Layer	Technology	Why
API	FastAPI	Fastest Python API framework, auto-generates Swagger docs
ML Models	scikit-learn, XGBoost	Industry standard, proven in production credit scoring
Explainability	SHAP	Gold standard for ML interpretability, required by regulators
Data	Pandas, NumPy	Fast data manipulation for feature engineering
Class Balancing	imbalanced-learn (SMOTE)	Handles the fact that defaults are rare (imbalanced data)
Config	Pydantic Settings	Type-safe config with environment variable validation
Logging	Loguru	Clean, structured logging with rotation
Serialization	Joblib	Saves/loads trained models to disk
Encryption	cryptography (AES-256)	Encrypts PII data at rest
Containerization	Docker + Compose	Consistent deployment across environments
CI/CD	GitHub Actions	Automated testing and deployment

Getting Started

Prerequisites

Python 3.11+
pip

1. Install Dependencies

cd yadem-ai-engine
pip install -r requirements.txt

2. Configure Environment

cp .env.example .env
# Edit .env and set:
#   YADEM_API_KEYS=your-api-key-here
#   YADEM_ENCRYPTION_KEY=your-32-byte-key-here

3. Train Models

python train.py

This will:

Generate 5,000 synthetic Nigerian SME records
Engineer 115 features from the raw data
Train 3 ML models (Logistic Regression, Random Forest, XGBoost)
Fit the SHAP explainer
Save all artifacts to ./models/

Expected output:

Test AUC-ROC:   0.9928
Test Gini:      0.9857
Test KS:        0.9388
Features used:  115
Training time:  ~4 seconds

4. Start the API

uvicorn src.api.main:app --reload --port 8000

5. Test It

Access the interactive Swagger UI at /docs on the local server, or:

curl -X POST http://127.0.0.1:8000/api/v1/score \
  -H "Content-Type: application/json" \
  -d '{
    "bvn": "22345678901",
    "business_sector": "retail_fmcg",
    "business_age_months": 48,
    "requested_loan_amount_ngn": 2000000,
    "financial": {
      "avg_monthly_revenue_6m": 850000,
      "cashflow_volatility_6m": 0.15,
      "avg_monthly_balance": 1200000
    }
  }'

Module-by-Module Documentation

`src/config/` — Configuration

File	What It Does
`settings.py`	Loads all config from environment variables using Pydantic. Includes: API keys, model paths, CORS origins, encryption keys.
`risk_config.py`	Defines the 5 risk bands (A–E) with their score thresholds, decisions, max tenures, and rate multipliers.
`model_config.py`	Stores hyperparameters for all 3 ML models. Change these to tune model performance.

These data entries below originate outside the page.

(* Let $H=(\mathcal{V},\mathcal{E})$ be a hypergraph. Let $\chi_{cf}(H)$ be the number of non-zero colours used in an optimal conflict-free colouring of $H$, and let $\chi_{min}=\min_{t}\chi(G_{R,t})$ be the minimum chromatic number over all co-occurrence graphs $G_{R,t}$ of $H$ (over all representative functions $t$, with $R=t(\mathcal{E})$). Then $\chi_{cf}(H)=\chi_{min}$.
   Context: A hypergraph $H=(\mathcal{V},\mathcal{E})$ has a finite vertex set $\mathcal{V}$ and a family $\mathcal{E}$ of nonempty subsets of $\mathcal{V}$ (hyperedges). A conflict-free colouring of $H$ is a function $C:\mathcal{V}\to\mathbb{N}=\{0,1,2,\dots\}$ such that for every hyperedge $E\in\mathcal{E}$ there is a colour $j\geq 1$ with $|E\cap C^{-1}(j)|=1$; colour $0$ is a special ''uncoloured'' colour and is not counted. $\chi_{cf}(H)$ is the minimum number of non-zero colours used by a conflict-free colouring. A representative function is a map $t:\mathcal{E}\to\mathcal{V}$ with $t(E)\in E$ for every $E$; $R=t(\mathcal{E})$ is its image (the set of representatives). The co-occurrence graph $G_{R,t}$ is the simple graph with vertex set $R$, in which distinct $u,v\in R$ are adjacent if and only if there is a hyperedge $E\in\mathcal{E}$ with $u,v\in E$ and $t(E)\in\{u,v\}$. $\chi(G)$ denotes the chromatic number of a graph $G$. *)

From mathcomp Require Import all_boot.
From Stdlib Require Import ClassicalEpsilon.
Set Implicit Arguments. Unset Strict Implicit. Unset Printing Implicit Defensive.

Definition pb (P : Prop) : bool := if excluded_middle_informative P then true else false.
Lemma pbP (P : Prop) : reflect P (pb P).
Proof. by rewrite /pb; case: excluded_middle_informative => h; constructor. Qed.

(* A hypergraph H = (V, E): finite vertex type V, and a finite family of
   hyperedges indexed by a finite type I (E : I -> {set V}); repetitions
   allowed. *)

Section Hyp.
Variables (V I : finType) (E : I -> {set V}).

(* Conflict-free colouring: colour 0 is "uncoloured" and not counted. *)
Definition conflict_free (C : V -> nat) : Prop :=
  forall i : I, exists j : nat, 1 <= j /\ #|E i :&: [set v | C v == j]| = 1.

Definition nb_nonzero_colours (C : V -> nat) : nat :=
  size (undup [seq C v | v <- enum V & C v != 0]).

Definition cf_with (k : nat) : Prop :=
  exists C : V -> nat, conflict_free C /\ nb_nonzero_colours C = k.

Lemma cf_with_exists (hE : forall i, E i != set0) : exists k, cf_with k.
Proof.
exists (nb_nonzero_colours (fun v => (enum_rank v).+1)).
exists (fun v => (enum_rank v).+1); split => // i.
have /set0Pn [x xE] := hE i.
exists (enum_rank x).+1; split => //.
suff -> : E i :&: [set v | (enum_rank v).+1 == (enum_rank x).+1] = [set x]
  by rewrite cards1.
apply/setP => y; rewrite !inE eqSS.
apply/andP/eqP => [[_ /eqP e]|->]; first exact: enum_rank_inj (val_inj e).
by split.
Qed.

Definition chi_cf (hE : forall i, E i != set0) : nat := ex_minn (let: ex_intro k h := cf_with_exists hE in
    ex_intro (fun k => pb (cf_with k)) k (introT (pbP _) h)).

Definition representative (t : I -> V) : Prop := forall i, t i \in E i.

Definition reps (t : I -> V) : {set V} := [set t i | i : I].

Definition cooc_adj (t : I -> V) : rel V :=
  fun u v => [&& u != v, u \in reps t, v \in reps t &
              [exists i, [&& u \in E i, v \in E i & (t i == u) || (t i == v)]]].

End Hyp.

Section Chrom.
Variables (V : finType) (R : {set V}) (adj : rel V).

Definition proper_colouring (k : nat) (f : V -> nat) : Prop :=
  (forall v, v \in R -> f v < k) /\
  (forall u v, u \in R -> v \in R -> adj u v -> f u != f v).

Definition colourable (k : nat) : Prop := exists f, proper_colouring k f.

Lemma colourable_exists (irr : forall v, ~~ adj v v) : exists k, colourable k.
Proof.
exists #|V|, (fun v => nat_of_ord (enum_rank v)); split => [v _|u v _ _ huv].
  exact: ltn_ord.
apply/negP => /eqP /val_inj /enum_rank_inj euv.
by move: huv; rewrite euv (negbTE (irr v)).
Qed.

Definition chromatic (irr : forall v, ~~ adj v v) : nat :=
  ex_minn (let: ex_intro k h := colourable_exists irr in
    ex_intro (fun k => pb (colourable k)) k (introT (pbP _) h)).
End Chrom.

Lemma cooc_irr (V I : finType) (E : I -> {set V}) (t : I -> V) :
  forall v, ~~ cooc_adj E t v v.
Proof. by move=> v; rewrite /cooc_adj eqxx. Qed.

Definition chi_cooc (V I : finType) (E : I -> {set V}) (t : I -> V) : nat :=
  chromatic (reps t) (cooc_irr E t).

Definition chi_min_with (V I : finType) (E : I -> {set V}) (k : nat) : Prop :=
  exists t : I -> V, representative E t /\ chi_cooc E t = k.

Lemma chi_min_exists (V I : finType) (E : I -> {set V})
  (hE : forall i, E i != set0) : exists k, chi_min_with E k.
Proof.
pose t i := xchoose (set0Pn _ (hE i)).
exists (chi_cooc E t), t; split => // i.
exact: (xchooseP (set0Pn _ (hE i))).
Qed.

Definition chi_min (V I : finType) (E : I -> {set V})
  (hE : forall i, E i != set0) : nat := ex_minn (let: ex_intro k h := chi_min_exists hE in
    ex_intro (fun k => pb (chi_min_with E k)) k (introT (pbP _) h)).

(** A conflict-free colouring [C] selects in every hyperedge [E i] a vertex
    [t i] whose non-zero colour occurs nowhere else in [E i]; two vertices
    adjacent in the co-occurrence graph of [t] share a hyperedge in which one of
    them is the selected vertex, so [C] properly colours that graph with its
    non-zero colours.  Conversely, a proper [k]-colouring [f] of the
    co-occurrence graph of a representative function [t], shifted to [f + 1] on
    representatives and [0] elsewhere, is conflict-free: in [E i] the colour of
    [t i] can only be shared by a representative adjacent to [t i]. *)
From mathcomp Require Import all_boot.

Set Implicit Arguments.
Unset Strict Implicit.
Unset Printing Implicit Defensive.

Lemma pb_ex_minnP (P : nat -> Prop) (ex : exists k, P k) :
  let m := ex_minn (let: ex_intro k h := ex in
             ex_intro (fun k => pb (P k)) k (introT (pbP _) h)) in
  P m /\ forall k, P k -> m <= k.
Proof.
case: ex => k0 h0 /=; case: ex_minnP => m /pbP Pm m_min.
by split=> // k /pbP; apply: m_min.
Qed.

Lemma chromaticP (V : finType) (R : {set V}) (adj : rel V)
    (irr : forall v, ~~ adj v v) :
  colourable R adj (chromatic R irr) /\
  forall k, colourable R adj k -> chromatic R irr <= k.
Proof. exact: pb_ex_minnP. Qed.

Lemma nb_nonzero_colours_leq (V : finType) (C : V -> nat) k :
  (forall v, C v <= k) -> nb_nonzero_colours C <= k.
Proof.
move=> C_le; rewrite -(size_iota 1 k) uniq_leq_size ?undup_uniq // => c.
rewrite mem_undup => /mapP [v]; rewrite mem_filter => /andP [Cv_neq0 _] ->.
by rewrite mem_iota add1n ltnS lt0n Cv_neq0 C_le.
Qed.

Lemma colourable_nb_nonzero_colours (V : finType) (R : {set V}) (adj : rel V)
    (C : V -> nat) :
  {in R, forall v, C v != 0} ->
  {in R &, forall u v, adj u v -> C u != C v} ->
  colourable R adj (nb_nonzero_colours C).
Proof.
rewrite /nb_nonzero_colours => C_neq0 C_proper; set L := undup _.
have C_in_L v : v \in R -> C v \in L.
  by move=> vR; rewrite mem_undup map_f // mem_filter C_neq0 ?mem_enum.
exists (fun v => index (C v) L); split=> [v vR | u v uR vR adj_uv].
  by rewrite index_mem C_in_L.
apply: contra (C_proper u v uR vR adj_uv) => /eqP same_index.
by rewrite -(nth_index 0 (C_in_L u uR)) same_index nth_index ?C_in_L.
Qed.

Section CoOccurrence.
Variables (V I : finType) (E : I -> {set V}).

Lemma chi_cfP (hE : forall i, E i != set0) :
  cf_with E (chi_cf hE) /\ forall k, cf_with E k -> chi_cf hE <= k.
Proof. exact: pb_ex_minnP. Qed.

Lemma chi_minP (hE : forall i, E i != set0) :
  chi_min_with E (chi_min hE) /\ forall k, chi_min_with E k -> chi_min hE <= k.
Proof. exact: pb_ex_minnP. Qed.

Lemma rep_in_reps (t : I -> V) i : t i \in reps t.
Proof. exact: imset_f. Qed.

Definition unique_colour_in (C : V -> nat) (A : {set V}) (v : V) : bool :=
  [&& v \in A, C v != 0 & [forall w in A, (C w == C v) ==> (w == v)]].

Lemma conflict_free_unique_colour (C : V -> nat) :
  conflict_free E C -> forall i, exists v, unique_colour_in C (E i) v.
Proof.
move=> cfC i; have [j [j_gt0 /eqP/cards1P [x Ei_j]]] := cfC i.
have in_Ei_j w : (w \in E i) && (C w == j) = (w == x).
  by rewrite -in_set1 -Ei_j !inE.
have /andP [xE /eqP Cx] : (x \in E i) && (C x == j) by rewrite in_Ei_j.
exists x; rewrite /unique_colour_in xE Cx -lt0n j_gt0.
by apply/forall_inP => w wE; apply/implyP; rewrite -in_Ei_j wE.
Qed.

Lemma cooc_adj_colour_neq (C : V -> nat) (t : I -> V) :
  (forall i, unique_colour_in C (E i) (t i)) ->
  forall u v, cooc_adj E t u v -> C u != C v.
Proof.
move=> t_unique u v /and4P [u_neq_v _ _ /existsP [i /and3P [uE vE ti_uv]]].
have /and3P [_ _ /forall_inP ti_only] := t_unique i.
apply: contra u_neq_v => /eqP Cuv.
case/orP: ti_uv => /eqP ti_eq; subst.
  by rewrite eq_sym; apply: (implyP (ti_only v vE)); rewrite Cuv.
by apply: (implyP (ti_only u uE)); rewrite Cuv.
Qed.

Lemma chi_cooc_leq_conflict_free (C : V -> nat) :
  conflict_free E C ->
  exists2 t, representative E t & chi_cooc E t <= nb_nonzero_colours C.
Proof.
move=> cfC; pose t i := xchoose (conflict_free_unique_colour cfC i).
have t_unique i : unique_colour_in C (E i) (t i) by apply: xchooseP.
exists t => [i | ]; first by case/and3P: (t_unique i).
apply: (chromaticP _ _).2; apply: colourable_nb_nonzero_colours.
  by move=> _ /imsetP [i _ ->]; case/and3P: (t_unique i).
by move=> u v _ _; apply: cooc_adj_colour_neq.
Qed.

Lemma conflict_free_of_cooc_colouring (t : I -> V) k (f : V -> nat) :
  representative E t -> proper_colouring (reps t) (cooc_adj E t) k f ->
  conflict_free E (fun v => if v \in reps t then (f v).+1 else 0).
Proof.
move=> t_rep [_ f_proper] i; exists (f (t i)).+1; split=> //.
apply/eqP/cards1P; exists (t i); apply/setP => w; rewrite !inE.
apply/andP/eqP => [[wE] | ->]; last by rewrite t_rep rep_in_reps.
case: ifP => // wR /eqP [fw]; apply/eqP/negPn/negP => w_neq_ti.
have adj_w_ti : cooc_adj E t w (t i).
  rewrite /cooc_adj w_neq_ti wR rep_in_reps; apply/existsP; exists i.
  by rewrite wE t_rep eqxx orbT.
by move: (f_proper _ _ wR (rep_in_reps t i) adj_w_ti); rewrite fw eqxx.
Qed.

Lemma conflict_free_leq_chi_cooc (t : I -> V) :
  representative E t ->
  exists2 C, conflict_free E C & nb_nonzero_colours C <= chi_cooc E t.
Proof.
move=> t_rep; have [f f_proper] := (chromaticP (reps t) (cooc_irr E t)).1.
exists (fun v => if v \in reps t then (f v).+1 else 0).
  exact: conflict_free_of_cooc_colouring f_proper.
apply: nb_nonzero_colours_leq => v; case: ifP => // vR.
exact: f_proper.1.
Qed.

End CoOccurrence.

Theorem theorem1 (V I : finType) (E : I -> {set V})
  (hE : forall i, E i != set0) :
  chi_cf hE = chi_min hE.
Proof.
have [[C [cfC <-]] chi_cf_min] := chi_cfP hE.
have [[t [t_rep <-]] chi_min_min] := chi_minP hE.
apply/eqP; rewrite eqn_leq; apply/andP; split.
- have [C' cfC' C'_le] := conflict_free_leq_chi_cooc t_rep.
  exact: leq_trans (chi_cf_min _ (ex_intro _ C' (conj cfC' erefl))) C'_le.
- have [t' t'_rep t'_le] := chi_cooc_leq_conflict_free cfC.
  exact: leq_trans (chi_min_min _ (ex_intro _ t' (conj t'_rep erefl))) t'_le.
Qed.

`src/data/synthetic/generator.py` — Synthetic Data

Generates realistic fake data mimicking Nigerian SME borrowers. Includes:

Business demographics (sector, state, age, employees)
Financial data (revenue, expenses, bank balance)
Credit bureau records (when available)
Mobile money and POS transaction data
KYC flags (BVN verified, CAC registered)
A realistic default label based on financial health signals

When to use: For training and testing when you don't have real borrower data yet.

`src/data/processing/cleaner.py` — Data Cleaning

Imputes missing values (median for numbers, mode for categories)
Clips outliers using IQR method
Encodes categorical variables (one-hot encoding)
Applies SMOTE to balance defaulters vs non-defaulters
Saves the fitted cleaner so the same transforms apply to new data

`src/data/ingestion/` — Data Ingestion

File	Source	What It Parses
`open_banking.py`	Mono, Okra APIs	Bank statement transactions → monthly revenue, expenses, balance
`credit_bureau.py`	CRC, First Central, XDS	Bureau scores, active loans, delinquencies, payment history
`alt_data.py`	Mobile Money, POS	Transaction volumes, frequency, consistency scores
`kyc_kyb.py`	NIBSS, NIMC, CAC	BVN validation, NIN matching, business registration status

Note: These currently use simulated responses. For production, replace the mock functions with actual API client calls.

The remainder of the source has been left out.